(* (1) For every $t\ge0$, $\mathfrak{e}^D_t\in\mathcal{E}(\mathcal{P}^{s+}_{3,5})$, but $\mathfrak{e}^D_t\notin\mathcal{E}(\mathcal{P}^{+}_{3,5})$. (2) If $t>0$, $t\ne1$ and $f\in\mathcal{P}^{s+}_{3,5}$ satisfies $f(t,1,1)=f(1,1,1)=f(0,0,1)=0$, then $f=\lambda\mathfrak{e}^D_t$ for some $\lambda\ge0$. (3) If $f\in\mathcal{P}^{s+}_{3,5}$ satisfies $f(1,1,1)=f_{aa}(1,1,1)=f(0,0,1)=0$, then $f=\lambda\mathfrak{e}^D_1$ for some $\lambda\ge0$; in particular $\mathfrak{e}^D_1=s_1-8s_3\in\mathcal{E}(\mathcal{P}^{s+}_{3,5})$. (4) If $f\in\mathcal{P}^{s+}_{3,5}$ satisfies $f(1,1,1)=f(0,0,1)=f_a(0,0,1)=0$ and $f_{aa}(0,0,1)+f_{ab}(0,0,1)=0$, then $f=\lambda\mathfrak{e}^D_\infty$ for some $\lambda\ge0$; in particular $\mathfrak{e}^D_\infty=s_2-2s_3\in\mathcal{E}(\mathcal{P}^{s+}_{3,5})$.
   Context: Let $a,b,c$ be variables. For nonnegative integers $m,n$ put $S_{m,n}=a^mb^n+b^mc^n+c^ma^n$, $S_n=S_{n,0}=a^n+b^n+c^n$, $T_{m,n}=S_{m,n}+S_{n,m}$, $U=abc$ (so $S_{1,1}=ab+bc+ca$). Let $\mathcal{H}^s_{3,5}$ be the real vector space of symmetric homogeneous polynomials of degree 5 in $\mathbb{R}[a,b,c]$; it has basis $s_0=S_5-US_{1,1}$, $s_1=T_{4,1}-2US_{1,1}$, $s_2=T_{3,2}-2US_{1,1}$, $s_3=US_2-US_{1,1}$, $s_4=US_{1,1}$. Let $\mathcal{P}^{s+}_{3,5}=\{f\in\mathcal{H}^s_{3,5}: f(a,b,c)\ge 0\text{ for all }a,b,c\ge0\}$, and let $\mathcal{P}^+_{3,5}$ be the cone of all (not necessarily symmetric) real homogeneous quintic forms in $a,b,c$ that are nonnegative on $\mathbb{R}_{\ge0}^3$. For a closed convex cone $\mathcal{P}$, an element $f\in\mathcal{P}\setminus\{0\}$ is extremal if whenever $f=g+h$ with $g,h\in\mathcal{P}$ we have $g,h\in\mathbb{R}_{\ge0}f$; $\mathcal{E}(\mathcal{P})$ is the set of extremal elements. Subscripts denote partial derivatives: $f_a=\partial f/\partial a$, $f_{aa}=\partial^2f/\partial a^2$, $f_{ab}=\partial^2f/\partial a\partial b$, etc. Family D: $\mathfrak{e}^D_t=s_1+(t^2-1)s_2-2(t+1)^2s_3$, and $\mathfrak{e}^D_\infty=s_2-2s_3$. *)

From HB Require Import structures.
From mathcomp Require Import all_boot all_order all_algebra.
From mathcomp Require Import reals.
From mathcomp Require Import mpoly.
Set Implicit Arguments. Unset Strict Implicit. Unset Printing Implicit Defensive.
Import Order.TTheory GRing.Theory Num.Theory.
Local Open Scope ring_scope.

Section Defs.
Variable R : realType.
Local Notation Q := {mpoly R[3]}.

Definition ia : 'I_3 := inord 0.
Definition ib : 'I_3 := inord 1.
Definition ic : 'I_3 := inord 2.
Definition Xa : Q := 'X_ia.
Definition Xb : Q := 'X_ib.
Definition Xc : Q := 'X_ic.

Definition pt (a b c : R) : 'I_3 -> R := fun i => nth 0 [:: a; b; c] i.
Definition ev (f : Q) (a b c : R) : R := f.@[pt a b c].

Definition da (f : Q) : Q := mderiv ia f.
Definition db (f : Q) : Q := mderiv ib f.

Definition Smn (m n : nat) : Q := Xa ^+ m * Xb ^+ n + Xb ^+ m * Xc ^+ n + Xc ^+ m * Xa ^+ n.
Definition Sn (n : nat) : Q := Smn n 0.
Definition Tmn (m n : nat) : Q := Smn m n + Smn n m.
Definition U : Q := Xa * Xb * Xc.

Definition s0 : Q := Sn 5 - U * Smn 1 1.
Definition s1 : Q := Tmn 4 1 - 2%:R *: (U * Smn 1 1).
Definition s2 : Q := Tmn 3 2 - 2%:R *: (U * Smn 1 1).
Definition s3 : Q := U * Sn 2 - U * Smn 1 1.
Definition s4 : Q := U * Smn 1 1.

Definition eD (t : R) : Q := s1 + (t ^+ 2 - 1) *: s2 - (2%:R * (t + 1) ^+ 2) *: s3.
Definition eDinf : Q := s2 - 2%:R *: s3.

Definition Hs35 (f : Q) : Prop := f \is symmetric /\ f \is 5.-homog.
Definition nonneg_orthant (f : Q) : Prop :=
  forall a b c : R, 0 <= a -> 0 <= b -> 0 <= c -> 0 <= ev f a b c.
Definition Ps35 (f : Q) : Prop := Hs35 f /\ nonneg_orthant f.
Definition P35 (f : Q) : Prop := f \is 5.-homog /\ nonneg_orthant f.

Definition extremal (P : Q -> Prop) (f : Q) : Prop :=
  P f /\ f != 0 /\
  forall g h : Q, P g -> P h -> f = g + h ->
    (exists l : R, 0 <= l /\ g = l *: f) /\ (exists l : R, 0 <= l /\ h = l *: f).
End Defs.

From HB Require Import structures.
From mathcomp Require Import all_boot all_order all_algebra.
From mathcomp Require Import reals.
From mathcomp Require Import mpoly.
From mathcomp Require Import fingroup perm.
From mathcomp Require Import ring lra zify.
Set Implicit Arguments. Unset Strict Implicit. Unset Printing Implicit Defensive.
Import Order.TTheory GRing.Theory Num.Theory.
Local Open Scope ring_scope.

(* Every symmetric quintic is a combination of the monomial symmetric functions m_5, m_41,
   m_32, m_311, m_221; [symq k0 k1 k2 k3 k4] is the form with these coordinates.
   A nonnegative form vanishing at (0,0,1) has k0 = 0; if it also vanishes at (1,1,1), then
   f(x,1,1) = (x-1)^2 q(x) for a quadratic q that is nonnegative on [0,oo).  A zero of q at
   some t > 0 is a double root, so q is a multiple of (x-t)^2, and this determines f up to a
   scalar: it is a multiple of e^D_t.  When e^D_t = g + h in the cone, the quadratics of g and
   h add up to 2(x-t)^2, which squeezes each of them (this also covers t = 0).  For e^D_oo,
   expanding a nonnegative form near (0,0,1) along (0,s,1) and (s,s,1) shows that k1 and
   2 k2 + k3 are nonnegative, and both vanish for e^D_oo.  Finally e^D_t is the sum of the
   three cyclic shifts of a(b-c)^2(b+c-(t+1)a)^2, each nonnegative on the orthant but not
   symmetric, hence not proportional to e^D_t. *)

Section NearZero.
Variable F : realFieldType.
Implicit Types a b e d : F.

---

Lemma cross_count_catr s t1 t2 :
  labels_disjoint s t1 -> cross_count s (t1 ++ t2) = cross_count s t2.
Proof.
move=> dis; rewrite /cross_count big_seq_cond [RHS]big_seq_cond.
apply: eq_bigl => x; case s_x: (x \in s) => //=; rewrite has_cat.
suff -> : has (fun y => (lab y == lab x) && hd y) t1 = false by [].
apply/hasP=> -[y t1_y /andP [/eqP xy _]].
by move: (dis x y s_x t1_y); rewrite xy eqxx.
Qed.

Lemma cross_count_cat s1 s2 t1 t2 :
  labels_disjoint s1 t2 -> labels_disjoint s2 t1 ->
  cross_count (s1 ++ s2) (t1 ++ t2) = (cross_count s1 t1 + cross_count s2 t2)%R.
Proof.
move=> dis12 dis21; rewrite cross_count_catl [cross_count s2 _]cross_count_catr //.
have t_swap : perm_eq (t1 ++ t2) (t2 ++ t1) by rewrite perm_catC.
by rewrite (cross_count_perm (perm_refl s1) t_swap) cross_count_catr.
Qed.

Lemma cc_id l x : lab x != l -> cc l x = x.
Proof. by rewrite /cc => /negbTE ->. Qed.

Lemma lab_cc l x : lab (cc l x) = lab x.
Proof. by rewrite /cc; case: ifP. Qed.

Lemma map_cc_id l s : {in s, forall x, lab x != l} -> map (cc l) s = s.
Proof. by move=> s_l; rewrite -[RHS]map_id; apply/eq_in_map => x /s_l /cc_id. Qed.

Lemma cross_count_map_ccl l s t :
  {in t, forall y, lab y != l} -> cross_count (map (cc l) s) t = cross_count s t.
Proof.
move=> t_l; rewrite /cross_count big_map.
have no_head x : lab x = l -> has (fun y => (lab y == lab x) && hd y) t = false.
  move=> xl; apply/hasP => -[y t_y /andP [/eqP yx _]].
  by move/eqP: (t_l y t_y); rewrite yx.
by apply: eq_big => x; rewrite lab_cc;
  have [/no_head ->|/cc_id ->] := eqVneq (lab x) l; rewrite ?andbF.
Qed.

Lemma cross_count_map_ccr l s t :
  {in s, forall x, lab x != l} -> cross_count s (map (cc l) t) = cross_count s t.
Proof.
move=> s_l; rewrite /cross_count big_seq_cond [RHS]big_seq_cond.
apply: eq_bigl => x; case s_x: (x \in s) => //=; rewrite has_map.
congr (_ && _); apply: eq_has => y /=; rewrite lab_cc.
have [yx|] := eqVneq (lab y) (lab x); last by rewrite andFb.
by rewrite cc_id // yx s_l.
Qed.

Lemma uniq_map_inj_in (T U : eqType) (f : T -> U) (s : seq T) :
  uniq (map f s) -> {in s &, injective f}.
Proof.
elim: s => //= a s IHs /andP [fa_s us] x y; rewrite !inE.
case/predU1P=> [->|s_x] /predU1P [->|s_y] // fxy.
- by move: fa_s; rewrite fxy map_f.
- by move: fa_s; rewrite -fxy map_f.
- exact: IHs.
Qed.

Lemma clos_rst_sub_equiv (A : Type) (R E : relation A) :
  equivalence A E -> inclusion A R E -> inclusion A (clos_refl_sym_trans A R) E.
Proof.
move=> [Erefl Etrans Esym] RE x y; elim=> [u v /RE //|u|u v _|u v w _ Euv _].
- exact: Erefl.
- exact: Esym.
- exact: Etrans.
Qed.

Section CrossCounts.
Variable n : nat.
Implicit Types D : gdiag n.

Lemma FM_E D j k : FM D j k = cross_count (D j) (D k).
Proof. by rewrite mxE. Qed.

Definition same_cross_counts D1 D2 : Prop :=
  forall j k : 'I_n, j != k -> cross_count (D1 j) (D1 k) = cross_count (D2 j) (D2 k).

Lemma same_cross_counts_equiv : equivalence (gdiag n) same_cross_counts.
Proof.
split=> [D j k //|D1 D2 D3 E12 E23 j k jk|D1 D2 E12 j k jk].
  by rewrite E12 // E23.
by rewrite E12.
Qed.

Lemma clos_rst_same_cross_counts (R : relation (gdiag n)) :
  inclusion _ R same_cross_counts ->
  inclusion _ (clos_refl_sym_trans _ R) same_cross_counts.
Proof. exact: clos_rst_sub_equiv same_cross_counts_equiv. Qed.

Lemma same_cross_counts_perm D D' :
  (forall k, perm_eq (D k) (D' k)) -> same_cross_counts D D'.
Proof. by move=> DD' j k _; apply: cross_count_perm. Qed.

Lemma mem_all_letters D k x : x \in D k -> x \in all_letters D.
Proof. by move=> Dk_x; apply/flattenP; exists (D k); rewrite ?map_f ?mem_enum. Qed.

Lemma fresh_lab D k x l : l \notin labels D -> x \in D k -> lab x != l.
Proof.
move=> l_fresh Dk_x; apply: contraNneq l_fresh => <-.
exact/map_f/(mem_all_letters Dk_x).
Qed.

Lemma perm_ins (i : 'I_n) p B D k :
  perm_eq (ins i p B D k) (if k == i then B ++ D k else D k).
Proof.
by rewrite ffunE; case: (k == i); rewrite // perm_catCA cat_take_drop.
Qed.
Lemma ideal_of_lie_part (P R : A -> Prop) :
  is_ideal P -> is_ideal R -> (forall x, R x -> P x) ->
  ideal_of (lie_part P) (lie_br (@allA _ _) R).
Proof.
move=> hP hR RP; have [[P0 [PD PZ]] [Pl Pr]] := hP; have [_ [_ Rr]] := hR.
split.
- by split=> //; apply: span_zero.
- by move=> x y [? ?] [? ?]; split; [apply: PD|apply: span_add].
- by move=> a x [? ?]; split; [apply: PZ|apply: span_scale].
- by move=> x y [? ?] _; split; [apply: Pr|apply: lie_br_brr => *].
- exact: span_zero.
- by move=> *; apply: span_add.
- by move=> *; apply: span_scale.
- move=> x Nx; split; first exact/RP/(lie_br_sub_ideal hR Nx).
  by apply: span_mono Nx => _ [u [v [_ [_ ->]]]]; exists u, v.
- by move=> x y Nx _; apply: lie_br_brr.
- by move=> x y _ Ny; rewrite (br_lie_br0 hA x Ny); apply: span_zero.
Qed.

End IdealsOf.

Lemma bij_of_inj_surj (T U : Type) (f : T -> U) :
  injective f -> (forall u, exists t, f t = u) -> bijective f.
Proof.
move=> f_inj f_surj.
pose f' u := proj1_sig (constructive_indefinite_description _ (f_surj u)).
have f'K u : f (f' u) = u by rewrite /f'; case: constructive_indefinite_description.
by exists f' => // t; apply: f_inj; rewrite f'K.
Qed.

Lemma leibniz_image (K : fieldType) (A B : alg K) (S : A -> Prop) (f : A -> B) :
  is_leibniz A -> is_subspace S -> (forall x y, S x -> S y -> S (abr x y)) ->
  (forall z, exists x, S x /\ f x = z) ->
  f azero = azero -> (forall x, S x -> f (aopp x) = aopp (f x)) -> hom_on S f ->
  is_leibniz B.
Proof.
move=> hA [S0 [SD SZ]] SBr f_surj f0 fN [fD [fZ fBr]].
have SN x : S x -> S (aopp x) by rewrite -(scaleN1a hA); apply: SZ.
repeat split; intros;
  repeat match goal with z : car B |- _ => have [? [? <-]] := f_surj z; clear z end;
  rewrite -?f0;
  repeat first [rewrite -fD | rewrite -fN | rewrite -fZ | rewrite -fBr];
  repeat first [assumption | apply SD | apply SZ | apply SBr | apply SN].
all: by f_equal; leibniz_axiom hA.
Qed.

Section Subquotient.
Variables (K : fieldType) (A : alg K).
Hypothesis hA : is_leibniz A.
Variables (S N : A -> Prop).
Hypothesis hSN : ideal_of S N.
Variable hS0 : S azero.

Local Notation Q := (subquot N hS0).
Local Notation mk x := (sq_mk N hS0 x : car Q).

...

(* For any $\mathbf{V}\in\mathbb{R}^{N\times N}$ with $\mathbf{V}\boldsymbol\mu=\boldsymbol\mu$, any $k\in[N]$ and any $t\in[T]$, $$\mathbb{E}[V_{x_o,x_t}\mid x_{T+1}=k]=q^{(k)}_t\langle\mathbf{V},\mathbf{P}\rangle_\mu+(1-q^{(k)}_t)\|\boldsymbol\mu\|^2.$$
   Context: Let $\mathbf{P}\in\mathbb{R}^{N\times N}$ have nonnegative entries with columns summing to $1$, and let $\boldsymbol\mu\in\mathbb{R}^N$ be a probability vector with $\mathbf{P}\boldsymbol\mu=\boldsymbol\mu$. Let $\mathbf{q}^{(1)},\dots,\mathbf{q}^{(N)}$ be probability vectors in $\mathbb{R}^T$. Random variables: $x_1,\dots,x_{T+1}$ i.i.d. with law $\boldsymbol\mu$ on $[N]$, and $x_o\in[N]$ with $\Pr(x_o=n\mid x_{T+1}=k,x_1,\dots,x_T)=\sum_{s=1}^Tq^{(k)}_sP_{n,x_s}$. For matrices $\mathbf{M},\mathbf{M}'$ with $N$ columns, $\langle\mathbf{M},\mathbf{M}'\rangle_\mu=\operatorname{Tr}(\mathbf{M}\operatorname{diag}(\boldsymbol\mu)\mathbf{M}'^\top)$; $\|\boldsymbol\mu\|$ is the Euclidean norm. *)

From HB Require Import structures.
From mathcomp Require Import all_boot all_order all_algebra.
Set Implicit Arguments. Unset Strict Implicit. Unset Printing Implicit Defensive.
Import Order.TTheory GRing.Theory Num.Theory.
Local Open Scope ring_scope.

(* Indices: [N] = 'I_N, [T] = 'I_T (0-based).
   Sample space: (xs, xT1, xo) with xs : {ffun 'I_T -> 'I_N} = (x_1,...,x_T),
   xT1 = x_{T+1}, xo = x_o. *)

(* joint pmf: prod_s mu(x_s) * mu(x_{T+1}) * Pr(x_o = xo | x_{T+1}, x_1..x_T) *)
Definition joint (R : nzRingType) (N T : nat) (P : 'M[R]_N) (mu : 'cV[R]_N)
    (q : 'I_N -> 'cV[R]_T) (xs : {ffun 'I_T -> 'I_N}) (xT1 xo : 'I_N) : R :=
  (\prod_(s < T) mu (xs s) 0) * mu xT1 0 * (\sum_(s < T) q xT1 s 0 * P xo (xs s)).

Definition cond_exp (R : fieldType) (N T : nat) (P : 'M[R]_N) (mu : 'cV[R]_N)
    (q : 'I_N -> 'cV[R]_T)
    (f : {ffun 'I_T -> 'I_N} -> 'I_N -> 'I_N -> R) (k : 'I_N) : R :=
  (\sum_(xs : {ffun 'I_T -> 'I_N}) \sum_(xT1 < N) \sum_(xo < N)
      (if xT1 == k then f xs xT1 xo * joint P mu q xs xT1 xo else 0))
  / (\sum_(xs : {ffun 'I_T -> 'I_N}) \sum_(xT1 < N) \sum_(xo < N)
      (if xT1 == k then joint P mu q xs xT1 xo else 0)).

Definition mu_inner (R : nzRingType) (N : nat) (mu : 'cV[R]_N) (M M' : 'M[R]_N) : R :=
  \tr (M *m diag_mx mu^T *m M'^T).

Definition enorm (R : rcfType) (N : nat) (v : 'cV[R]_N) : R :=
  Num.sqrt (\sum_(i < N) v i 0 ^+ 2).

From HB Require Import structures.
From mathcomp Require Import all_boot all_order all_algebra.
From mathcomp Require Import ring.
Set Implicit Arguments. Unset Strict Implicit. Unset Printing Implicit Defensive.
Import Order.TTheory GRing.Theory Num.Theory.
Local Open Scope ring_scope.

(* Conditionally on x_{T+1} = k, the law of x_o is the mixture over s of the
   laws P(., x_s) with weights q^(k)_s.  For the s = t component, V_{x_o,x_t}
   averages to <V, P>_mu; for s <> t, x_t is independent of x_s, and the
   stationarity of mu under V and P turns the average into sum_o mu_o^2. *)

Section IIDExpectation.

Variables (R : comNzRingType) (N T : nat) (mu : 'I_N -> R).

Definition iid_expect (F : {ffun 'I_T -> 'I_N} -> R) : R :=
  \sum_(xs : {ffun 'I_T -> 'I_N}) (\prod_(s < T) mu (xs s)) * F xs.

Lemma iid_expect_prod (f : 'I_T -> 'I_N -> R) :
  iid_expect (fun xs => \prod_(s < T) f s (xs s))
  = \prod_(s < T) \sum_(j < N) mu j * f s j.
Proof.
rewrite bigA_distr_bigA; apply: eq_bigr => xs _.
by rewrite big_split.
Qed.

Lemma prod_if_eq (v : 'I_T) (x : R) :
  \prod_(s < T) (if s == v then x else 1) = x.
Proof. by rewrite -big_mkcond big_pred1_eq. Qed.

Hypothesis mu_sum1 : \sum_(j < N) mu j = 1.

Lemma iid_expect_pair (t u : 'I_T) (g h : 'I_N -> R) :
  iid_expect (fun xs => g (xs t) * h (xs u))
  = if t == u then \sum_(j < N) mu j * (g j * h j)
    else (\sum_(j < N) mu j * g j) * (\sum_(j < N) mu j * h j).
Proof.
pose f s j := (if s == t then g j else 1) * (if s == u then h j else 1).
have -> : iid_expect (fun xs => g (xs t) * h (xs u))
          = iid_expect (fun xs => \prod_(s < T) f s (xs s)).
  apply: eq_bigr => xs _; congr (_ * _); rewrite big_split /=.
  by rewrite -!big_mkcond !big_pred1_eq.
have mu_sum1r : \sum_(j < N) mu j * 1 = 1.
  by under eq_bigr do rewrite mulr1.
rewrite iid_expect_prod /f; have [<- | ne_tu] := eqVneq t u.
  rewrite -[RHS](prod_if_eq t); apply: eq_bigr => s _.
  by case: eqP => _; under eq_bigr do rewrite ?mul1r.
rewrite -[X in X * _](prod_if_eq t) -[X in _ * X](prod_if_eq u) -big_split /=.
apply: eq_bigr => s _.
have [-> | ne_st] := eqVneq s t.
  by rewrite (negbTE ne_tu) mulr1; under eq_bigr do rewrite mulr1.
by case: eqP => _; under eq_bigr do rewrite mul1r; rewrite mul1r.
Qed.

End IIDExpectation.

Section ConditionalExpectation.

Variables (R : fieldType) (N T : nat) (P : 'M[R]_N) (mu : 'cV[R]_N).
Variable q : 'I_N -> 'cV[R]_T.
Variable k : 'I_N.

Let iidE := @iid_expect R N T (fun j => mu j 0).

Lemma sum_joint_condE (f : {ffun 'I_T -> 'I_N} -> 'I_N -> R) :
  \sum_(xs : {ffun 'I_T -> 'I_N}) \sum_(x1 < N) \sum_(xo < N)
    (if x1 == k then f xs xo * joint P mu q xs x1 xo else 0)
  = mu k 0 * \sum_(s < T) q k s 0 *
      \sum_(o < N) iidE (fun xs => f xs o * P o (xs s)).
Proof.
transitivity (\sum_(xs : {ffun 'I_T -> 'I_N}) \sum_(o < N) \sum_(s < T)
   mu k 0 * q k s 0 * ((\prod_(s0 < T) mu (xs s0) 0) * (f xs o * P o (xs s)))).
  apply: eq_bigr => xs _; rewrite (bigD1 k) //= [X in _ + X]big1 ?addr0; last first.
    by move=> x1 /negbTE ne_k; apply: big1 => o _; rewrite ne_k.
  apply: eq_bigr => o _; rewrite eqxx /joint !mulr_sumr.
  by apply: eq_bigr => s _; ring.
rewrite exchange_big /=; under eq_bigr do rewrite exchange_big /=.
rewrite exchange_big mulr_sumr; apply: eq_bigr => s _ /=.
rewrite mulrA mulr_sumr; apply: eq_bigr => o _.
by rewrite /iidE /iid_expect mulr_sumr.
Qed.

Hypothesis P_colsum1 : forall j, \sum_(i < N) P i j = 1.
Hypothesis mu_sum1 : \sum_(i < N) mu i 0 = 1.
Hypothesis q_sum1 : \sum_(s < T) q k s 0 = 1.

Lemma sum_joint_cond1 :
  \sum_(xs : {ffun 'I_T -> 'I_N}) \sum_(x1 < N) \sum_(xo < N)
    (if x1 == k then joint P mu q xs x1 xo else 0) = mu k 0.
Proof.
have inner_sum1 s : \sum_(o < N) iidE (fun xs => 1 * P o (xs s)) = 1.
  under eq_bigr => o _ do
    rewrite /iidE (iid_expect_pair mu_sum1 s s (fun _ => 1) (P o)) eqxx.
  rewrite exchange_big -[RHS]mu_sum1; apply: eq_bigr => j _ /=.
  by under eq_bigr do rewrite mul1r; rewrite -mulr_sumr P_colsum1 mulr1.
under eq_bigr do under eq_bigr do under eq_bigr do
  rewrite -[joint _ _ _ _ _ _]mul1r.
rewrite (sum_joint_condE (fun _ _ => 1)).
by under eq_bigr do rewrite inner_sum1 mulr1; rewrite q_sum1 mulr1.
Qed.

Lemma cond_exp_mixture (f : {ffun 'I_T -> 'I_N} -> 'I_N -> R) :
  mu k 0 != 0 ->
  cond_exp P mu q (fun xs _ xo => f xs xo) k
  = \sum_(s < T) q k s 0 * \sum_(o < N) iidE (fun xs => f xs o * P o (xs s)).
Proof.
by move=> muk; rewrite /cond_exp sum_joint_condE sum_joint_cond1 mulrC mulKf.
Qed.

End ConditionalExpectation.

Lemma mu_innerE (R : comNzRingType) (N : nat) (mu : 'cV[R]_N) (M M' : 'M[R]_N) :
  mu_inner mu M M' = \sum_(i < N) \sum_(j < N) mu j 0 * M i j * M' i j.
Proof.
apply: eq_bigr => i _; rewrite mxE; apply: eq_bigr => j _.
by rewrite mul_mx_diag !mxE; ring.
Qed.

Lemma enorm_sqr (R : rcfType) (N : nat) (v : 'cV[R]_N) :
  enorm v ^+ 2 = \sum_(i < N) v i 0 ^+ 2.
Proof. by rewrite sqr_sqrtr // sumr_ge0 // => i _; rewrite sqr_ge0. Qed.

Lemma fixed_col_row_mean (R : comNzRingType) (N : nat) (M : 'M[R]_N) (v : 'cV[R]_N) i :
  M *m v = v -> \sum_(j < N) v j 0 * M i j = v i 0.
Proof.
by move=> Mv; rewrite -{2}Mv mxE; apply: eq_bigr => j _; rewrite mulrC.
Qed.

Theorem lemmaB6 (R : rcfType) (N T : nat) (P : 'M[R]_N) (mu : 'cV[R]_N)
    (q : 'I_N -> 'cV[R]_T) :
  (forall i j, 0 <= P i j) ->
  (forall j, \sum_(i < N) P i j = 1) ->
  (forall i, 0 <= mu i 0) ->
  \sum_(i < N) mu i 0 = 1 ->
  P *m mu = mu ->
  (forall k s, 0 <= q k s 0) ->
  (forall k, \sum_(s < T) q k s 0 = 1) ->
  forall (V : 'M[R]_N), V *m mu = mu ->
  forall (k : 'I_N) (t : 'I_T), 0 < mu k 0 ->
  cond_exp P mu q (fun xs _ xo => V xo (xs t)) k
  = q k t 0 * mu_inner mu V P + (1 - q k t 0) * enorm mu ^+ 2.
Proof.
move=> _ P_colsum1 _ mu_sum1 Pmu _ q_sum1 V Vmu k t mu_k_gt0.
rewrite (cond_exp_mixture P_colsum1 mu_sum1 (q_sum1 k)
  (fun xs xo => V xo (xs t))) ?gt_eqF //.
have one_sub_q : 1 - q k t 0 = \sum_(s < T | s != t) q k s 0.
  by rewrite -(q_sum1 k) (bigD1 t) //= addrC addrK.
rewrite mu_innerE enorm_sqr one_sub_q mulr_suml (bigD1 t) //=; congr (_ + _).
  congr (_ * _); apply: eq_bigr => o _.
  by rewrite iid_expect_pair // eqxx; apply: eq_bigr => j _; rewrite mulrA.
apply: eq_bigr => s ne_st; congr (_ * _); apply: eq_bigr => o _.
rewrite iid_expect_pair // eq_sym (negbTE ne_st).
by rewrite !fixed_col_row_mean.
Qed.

*Required work*
Locate all lines in the listing above with the word "aopp". Copy them.

*The completed task*
  f azero = azero -> (forall x, S x -> f (aopp x) = aopp (f x)) -> hom_on S f ->
have SN x : S x -> S (aopp x) by rewrite -(scaleN1a hA); apply: SZ.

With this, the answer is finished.